▸ **WHAT THE EXERCISE ASKS**: In the entries that follow, the line with "Lemma acyclic_switch (a" opens the range and the line with "case/splitPr: zp =>" closes it; repeat that range exactly, both lines included.

*** RECORDS PROVIDED Section Begins ***

(* Let $G=(V,E)$ be a finite simple strongly connected directed graph with a fixed total order on $V$, let $W\subseteq V$ be strongly connected, $w\in W$, and let $\mathbf b$ be a spanning tree of $G$ rooted at $w$ with $\psi(\mathbf b)=W$. Let $\mathbf f$ be the set of edges of $\mathbf b$ whose source is not in $W$, and let $\mathfrak E$ be the set of vertices erased when running the exploration algorithm on $\mathbf b$. For each $u\in\mathfrak E$, let $e(u)$ be the edge (with source $u$, not in $\mathbf b$) whose processing caused $u$ to be erased. For $\mathfrak F\subseteq\mathfrak E$, let $\mathbf f_{\mathfrak F}$ be obtained from $\mathbf f$ by replacing, for each $u\in\mathfrak F$, the edge of $\mathbf f$ going out of $u$ by $e(u)$. Then for every $\mathfrak F\subseteq\mathfrak E$, $\mathbf f_{\mathfrak F}$ is a forest rooted in $W$.
   Context: A spanning tree of $G$ is a subgraph on all vertices with no cycle, one vertex (root) of outdegree $0$ and all others of outdegree $1$. For nonempty $U\subseteq V$, a forest rooted in $U$ is a subgraph on all vertices with no cycle in which vertices of $U$ have outdegree $0$ and all others outdegree $1$. Exploration algorithm (depends on the fixed total order of $V$). Input: a spanning tree $\mathbf a$ rooted at $v$. Initialize $A=\{v\}$, $F=\{e: s(e)\neq v\}$, $\mathbf L$ = FIFO list of edges with target $v$, by increasing source. While $\mathbf L$ is nonempty, take its first edge $e$, with source $w'$: if $e\in\mathbf a$, add $w'$ to $A$, delete from $\mathbf L$ (and $F$) all edges with source $w'$, and append to $\mathbf L$ all edges of $F$ with target $w'$ by increasing source; otherwise delete from $\mathbf L$ and $F$ all edges with source or target $w'$, and $w'$ is said to be erased (by the edge $e$). At the end $\phi(\mathbf a)=A$ and $\psi(\mathbf a)$ is the strongly connected component of $v$ in the induced graph $G_{\phi(\mathbf a)}$. *)

From mathcomp Require Import all_boot.
Set Implicit Arguments. Unset Strict Implicit. Unset Printing Implicit Defensive.

Section Defs.
Variable V : finType.

(* A directed graph is given by an edge relation G : rel V; an edge is a pair
   (source, target). A subgraph on all vertices is a set of edges. *)
Definition edges (G : rel V) : {set V * V} := [set e | G e.1 e.2].

Definition outdeg (a : {set V * V}) (x : V) : nat := #|[set e in a | e.1 == x]|.

Definition acyclic (a : {set V * V}) : Prop :=
  ~ exists (x : V) (p : seq V),
      [/\ p != [::], path (fun y z => (y, z) \in a) x p & last x p = x].

Definition spanning_tree (G : rel V) (a : {set V * V}) (v : V) : Prop :=
  [/\ a \subset edges G, outdeg a v = 0,
      (forall x, x != v -> outdeg a x = 1) & acyclic a].

Definition forest_rooted (G : rel V) (a : {set V * V}) (U : {set V}) : Prop :=
  [/\ U != set0, a \subset edges G,
      (forall x, x \in U -> outdeg a x = 0),
      (forall x, x \notin U -> outdeg a x = 1) & acyclic a].

Definition induced (G : rel V) (U : {set V}) : rel V :=
  fun x y => [&& G x y, x \in U & y \in U].

Definition strongly_connected (G : rel V) : Prop := forall x y, connect G x y.

Definition strongly_connected_set (G : rel V) (U : {set V}) : Prop :=
  forall x y, x \in U -> y \in U -> connect (induced G U) x y.

Record xstate := XState {
  xA : {set V};                      (* accepted vertices *)
  xF : {set V * V};                  (* remaining edges *)
  xL : seq (V * V);                  (* FIFO list *)
  xErased : seq (V * (V * V))        (* erased vertices with the erasing edge *)
}.

Definition in_edges_sorted (r : rel V) (F : {set V * V}) (w : V) : seq (V * V) :=
  [seq (x, w) | x <- sort r [seq x <- enum V | (x, w) \in F]].

Definition xstep (r : rel V) (a : {set V * V}) (st : xstate) : xstate :=
  match xL st with
  | [::] => st
  | e :: L' =>
    let w' := e.1 in
    if e \in a then
      let F' := [set f in xF st | f.1 != w'] in
      XState (w' |: xA st) F'
             ([seq f <- L' | f.1 != w'] ++ in_edges_sorted r F' w')
             (xErased st)
    else
      let F' := [set f in xF st | (f.1 != w') && (f.2 != w')] in
      XState (xA st) F'
             [seq f <- L' | (f.1 != w') && (f.2 != w')]
             (rcons (xErased st) (w', e))
  end.

Definition xinit (G : rel V) (r : rel V) (v : V) : xstate :=
  let F := [set e in edges G | e.1 != v] in
  XState [set v] F (in_edges_sorted r F v) [::].

(* Each non-trivial step removes the head edge of L from F (and L is always
   contained in F), so #|V|^2 + 1 iterations reach the terminal state; further
   iterations are the identity. *)
Definition explore (G : rel V) (r : rel V) (a : {set V * V}) (v : V) : xstate :=
  iter (#|V| * #|V|).+1 (xstep r a) (xinit G r v).

Definition phi (G : rel V) (r : rel V) (a : {set V * V}) (v : V) : {set V} :=
  xA (explore G r a v).

Definition psi (G : rel V) (r : rel V) (a : {set V * V}) (v : V) : {set V} :=
  let A := phi G r a v in
  [set u in A | connect (induced G A) v u && connect (induced G A) u v].

Definition erased (G : rel V) (r : rel V) (a : {set V * V}) (v : V) : {set V} :=
  [set u in map fst (xErased (explore G r a v))].

Definition erasing_edge (G : rel V) (r : rel V) (a : {set V * V}) (v : V) (u : V)
  : V * V :=
  let s := xErased (explore G r a v) in
  nth (u, u) (map snd s) (index u (map fst s)).

End Defs.

From mathcomp Require Import all_boot.
Set Implicit Arguments. Unset Strict Implicit. Unset Printing Implicit Defensive.

(* The exploration only ever accepts a vertex through a tree edge leaving it, so
   the accepted set A = phi(b) is closed under the tree edges, contains psi(b) = W,
   and every erased vertex u lies outside A while e(u) points into A.  In the
   switched graph an edge leaving A, or ending outside A, is therefore a tree
   edge; a cycle either stays in A or never enters it, and in both cases it is a
   cycle of the tree. *)

Section Graphs.
Variable V : finType.

Lemma acyclic_switch (a b : {set V * V}) (A : {set V}) :
    (forall x y, x \in A -> (x, y) \in b -> y \in A) ->
    (forall e, e \in a -> (e.1 \in A) || (e.2 \notin A) -> e \in b) ->
    acyclic b -> acyclic a.
Proof.
move=> Acl ab bac [x [p [pn pa px]]]; apply: bac; exists x, p; split => //.
have a_stays_in_A y z : (y, z) \in a -> y \in A -> z \in A.
  by move=> yz yA; apply: (Acl y) => //; apply: ab; rewrite ?yA.
have path_from_A y q : y \in A -> path (fun s t => (s, t) \in a) y q ->
    path (fun s t => (s, t) \in b) y q && (last y q \in A).
  elim: q y => [|z q IH] y yA /=; first by rewrite yA.
  case/andP=> yz qa; rewrite (ab (y, z)) ?yA //=.
  exact: IH (a_stays_in_A _ _ yz yA) qa.
have [xA|xA] := boolP (x \in A); first by case/andP: (path_from_A _ _ xA pa).
have outA : all (fun z => z \notin A) p.
  apply/allP => z zp; apply/negP => zA; move: pa px.
  case/splitPr: zp => p1 p2; rewrite cat_path last_cat /= => /and3P [_ _ p2a].
  by case/andP: (path_from_A _ _ zA p2a) => _ + lx; rewrite lx (negbTE xA).
elim: p x pa outA {pn px xA} => [//|z q IH] y /= /andP [yz qa] /andP [zA qA].
by rewrite (ab (y, z)) ?zA ?orbT //=; apply: IH.
Qed.

Variables (G : rel V) (b : {set V * V}) (w : V).
Hypothesis b_tree : spanning_tree G b w.

Lemma spanning_tree_out_uniq e1 e2 :
  e1 \in b -> e2 \in b -> e1.1 = e2.1 -> e1 = e2.
Proof.
case: b_tree => _ h0 h1 _ e1b e2b E.
have [xw|xw] := eqVneq e1.1 w.
  move: h0; rewrite /outdeg => /eqP; rewrite cards_eq0 => /eqP/setP/(_ e1).
  by rewrite !inE e1b xw eqxx.
move: (h1 _ xw); rewrite /outdeg => /eqP/cards1P [e0 /setP H].
by move: (H e1) (H e2); rewrite !inE e1b e2b E eqxx /= => /esym/eqP -> /esym/eqP ->.
Qed.

Lemma spanning_tree_root_out y : (w, y) \notin b.
Proof.
case: b_tree => _ /eqP; rewrite /outdeg cards_eq0 => /eqP/setP/(_ (w, y)).
by rewrite !inE eqxx andbT => ->.
Qed.

End Graphs.

Section Exploration.
Variables (V : finType) (G r : rel V) (b : {set V * V}) (w : V).
Hypothesis b_tree : spanning_tree G b w.

Lemma in_edges_sortedP F x f :
  f \in in_edges_sorted r F x -> f \in F /\ f.2 = x.
Proof. by case/mapP => y; rewrite mem_sort mem_filter => /andP [yin _] ->. Qed.

Record explore_inv (st : xstate V) : Prop := ExploreInv {
  inv_LF : forall e, e \in xL st -> e \in xF st;
  inv_FG : forall e, e \in xF st -> G e.1 e.2;
  inv_LA : forall e, e \in xL st -> e.2 \in xA st;
  inv_FA : forall e, e \in xF st -> e.1 \notin xA st;
  inv_Acl : forall x y, x \in xA st -> (x, y) \in b -> y \in xA st;
  inv_erased : forall u e, (u, e) \in xErased st ->
     [/\ e.1 = u, G e.1 e.2, e.2 \in xA st, u \notin xA st &
         forall f, f \in xF st -> f.1 != u]
}.

Lemma explore_inv_init : explore_inv (xinit G r w).
Proof.
split => //=.
- by move=> e /in_edges_sortedP [].
- by move=> e; rewrite !inE => /andP [].
- by move=> e /in_edges_sortedP [_ ->]; rewrite inE.
- by move=> e; rewrite !inE => /andP [].
- by move=> x y; rewrite inE => /eqP ->; rewrite (negbTE (spanning_tree_root_out b_tree y)).
Qed.

Lemma explore_inv_step st : explore_inv st -> explore_inv (xstep r b st).
Proof.
case: st => A F L Er [/= LF FG LA FA Acl ErP].
rewrite /xstep /=; case: L LF LA => [|e L'] LF LA; first by split.
have eF : e \in F by apply: LF; rewrite inE eqxx.
have eA : e.2 \in A by apply: LA; rewrite inE eqxx.
case: ifP => eb; split => /=.
- move=> f; rewrite mem_cat mem_filter => /orP [/andP [fne fL]|/in_edges_sortedP [] //].
  by rewrite inE fne LF // inE fL orbT.
- by move=> f; rewrite inE => /andP [/FG].
- move=> f; rewrite mem_cat mem_filter => /orP [/andP [fne fL]|/in_edges_sortedP [_ ->]].
    by rewrite !inE LA ?orbT // inE fL orbT.
  by rewrite !inE eqxx.
- by move=> f; rewrite !inE => /andP [/FA fA fne]; rewrite negb_or fne fA.
- move=> x y; rewrite !inE => /orP [/eqP ->|xA] xyb; last by rewrite (Acl x) ?orbT.
  by rewrite [y](_ : _ = e.2) ?eA ?orbT // -(spanning_tree_out_uniq b_tree xyb eb).
- move=> u e0 /ErP [h1 h2 h3 h4 h5]; split => //.
  + by rewrite !inE h3 orbT.
  + by rewrite !inE negb_or h4 andbT eq_sym h5.
  + by move=> f; rewrite inE => /andP [/h5].
- move=> f; rewrite mem_filter => /andP [fne fL].
  by rewrite inE fne LF // inE fL orbT.
- by move=> f; rewrite inE => /andP [/FG].
- by move=> f; rewrite mem_filter => /andP [_ fL]; rewrite LA // inE fL orbT.
- by move=> f; rewrite !inE => /andP [/FA].
- exact: Acl.
- move=> u e0; rewrite mem_rcons inE => /orP [/eqP [-> ->]|/ErP [h1 h2 h3 h4 h5]].
    split; [by [] | exact: FG | by [] | exact: FA |].
    by move=> f; rewrite inE => /andP [_ /andP []].
  by split => // f; rewrite inE => /andP [/h5].
Qed.

Lemma explore_invP : explore_inv (explore G r b w).
Proof.
rewrite /explore; elim: _.+1 => [|n IH] /=; first exact: explore_inv_init.
exact: explore_inv_step.
Qed.

Lemma phi_tree_closed x y : x \in phi G r b w -> (x, y) \in b -> y \in phi G r b w.
Proof. exact: inv_Acl explore_invP x y. Qed.

Lemma psi_sub_phi : psi G r b w \subset phi G r b w.
Proof. by apply/subsetP => x; rewrite inE => /andP []. Qed.

Lemma erasing_edgeP u : u \in erased G r b w ->
  let e := erasing_edge G r b w u in
  [/\ e.1 = u, G e.1 e.2, e.2 \in phi G r b w & u \notin phi G r b w].
Proof.
rewrite /erased /erasing_edge /phi inE; set Er := xErased _ => uin /=.
have ilt : index u (map fst Er) < size Er by rewrite -(size_map fst) index_mem.
suff /(inv_erased explore_invP) [] : (u, nth (u, u) (map snd Er) (index u (map fst Er))) \in Er
  by [].
rewrite (nth_map (u, (u, u))) // -{1}(nth_index u uin) (nth_map (u, (u, u))) //.
by case: nth (mem_nth (u, (u, u)) ilt).
Qed.

End Exploration.

Section Switch.
Variables (V : finType) (G : rel V) (b : {set V * V}) (w : V).
Variables (W A Fr : {set V}) (E : V -> V * V).
Hypothesis b_tree : spanning_tree G b w.
Hypothesis wW : w \in W.
Hypothesis WA : W \subset A.
Hypothesis A_tree_closed : forall x y, x \in A -> (x, y) \in b -> y \in A.
Hypothesis EP : forall u, u \in Fr ->
  [/\ (E u).1 = u, G (E u).1 (E u).2, (E u).2 \in A & u \notin A].

Definition switch_edges : {set V * V} :=
  [set e in [set e in b | e.1 \notin W] | e.1 \notin Fr] :|: [set E u | u in Fr].

Lemma switch_edgeP e : e \in switch_edges ->
  e.1 \notin W /\ (if e.1 \in Fr then e = E e.1 else e \in b).
Proof.
rewrite !inE => /orP [/andP [/andP [eb eW] eF]|/imsetP [u uF ->]].
  by rewrite (negbTE eF).
have [-> _ _ uA] := EP uF; rewrite uF; split => //.
by apply: contra uA; apply: (subsetP WA).
Qed.

Lemma switch_edge_tree e :
  e \in switch_edges -> (e.1 \in A) || (e.2 \notin A) -> e \in b.
Proof.
case/switch_edgeP => _; case: ifP => // eF ->.
by have [-> _ -> /negbTE ->] := EP eF.
Qed.

Lemma switch_out x :
  [set e in switch_edges | e.1 == x] =
  if x \in W then set0
  else if x \in Fr then [set E x] else [set e in b | e.1 == x].
Proof.
apply/setP => e; rewrite [e \in [set _ in _ | _]]inE.
apply/andP/idP => [[eS /eqP ex]|]; first subst x.
  have [eW] := switch_edgeP eS; rewrite (negbTE eW).
  by case: ifP => _ h; rewrite inE; [apply/eqP | rewrite h eqxx].
case: ifP => xW; first by rewrite inE.
case: ifP => xF.
  by rewrite inE => /eqP ->; have [-> _ _ _] := EP xF; rewrite inE imset_f ?orbT.
by rewrite !inE => /andP [eb /eqP ex]; rewrite ex xW xF eb eqxx.
Qed.

Lemma switch_forest_rooted : forest_rooted G switch_edges W.
Proof.
have [bG _ bout bac] := b_tree.
split.
- by apply/set0Pn; exists w.
- apply/subsetP => e eS; have [_] := switch_edgeP eS; case: ifP => [eF ->|_ eb].
    by have [_ ? _ _] := EP eF; rewrite inE.
  exact: (subsetP bG).
- by move=> x xW; rewrite /outdeg switch_out xW cards0.
- move=> x xW; rewrite /outdeg switch_out (negbTE xW).
  case: ifP => _; first exact: cards1.
  by apply: bout; apply: contraNneq xW => ->.
- exact: acyclic_switch A_tree_closed switch_edge_tree bac.
Qed.

End Switch.

Theorem lemma4p4 (V : finType) (G : rel V) (r : rel V)
    (G_irr : irreflexive G) (G_sc : strongly_connected G)
    (r_total : total r) (r_trans : transitive r) (r_anti : antisymmetric r)
    (W : {set V}) (W_sc : strongly_connected_set G W)
    (w : V) (wW : w \in W)
    (b : {set V * V}) (b_tree : spanning_tree G b w)
    (b_psi : psi G r b w = W) :
  let f := [set e in b | e.1 \notin W] in
  forall Fr : {set V}, Fr \subset erased G r b w ->
    forest_rooted G
      ([set e in f | e.1 \notin Fr] :|: [set erasing_edge G r b w u | u in Fr])
      W.
Proof.
move=> f Fr FrE.
apply: (switch_forest_rooted b_tree wW (A := phi G r b w)).
- by rewrite -b_psi; apply: psi_sub_phi.
- exact: phi_tree_closed.
- by move=> u /(subsetP FrE); apply: erasing_edgeP.
Qed.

*** RECORDS PROVIDED Section Ends ***

▸ **WRITTEN RESPONSE**:
Lemma acyclic_switch (a b : {set V * V}) (A : {set V}) :
    (forall x y, x \in A -> (x, y) \in b -> y \in A) ->
    (forall e, e \in a -> (e.1 \in A) || (e.2 \notin A) -> e \in b) ->
    acyclic b -> acyclic a.
Proof.
move=> Acl ab bac [x [p [pn pa px]]]; apply: bac; exists x, p; split => //.
have a_stays_in_A y z : (y, z) \in a -> y \in A -> z \in A.
  by move=> yz yA; apply: (Acl y) => //; apply: ab; rewrite ?yA.
have path_from_A y q : y \in A -> path (fun s t => (s, t) \in a) y q ->
    path (fun s t => (s, t) \in b) y q && (last y q \in A).
  elim: q y => [|z q IH] y yA /=; first by rewrite yA.
  case/andP=> yz qa; rewrite (ab (y, z)) ?yA //=.
  exact: IH (a_stays_in_A _ _ yz yA) qa.
have [xA|xA] := boolP (x \in A); first by case/andP: (path_from_A _ _ xA pa).
have outA : all (fun z => z \notin A) p.
  apply/allP => z zp; apply/negP => zA; move: pa px.
  case/splitPr: zp => p1 p2; rewrite cat_path last_cat /= => /and3P [_ _ p2a].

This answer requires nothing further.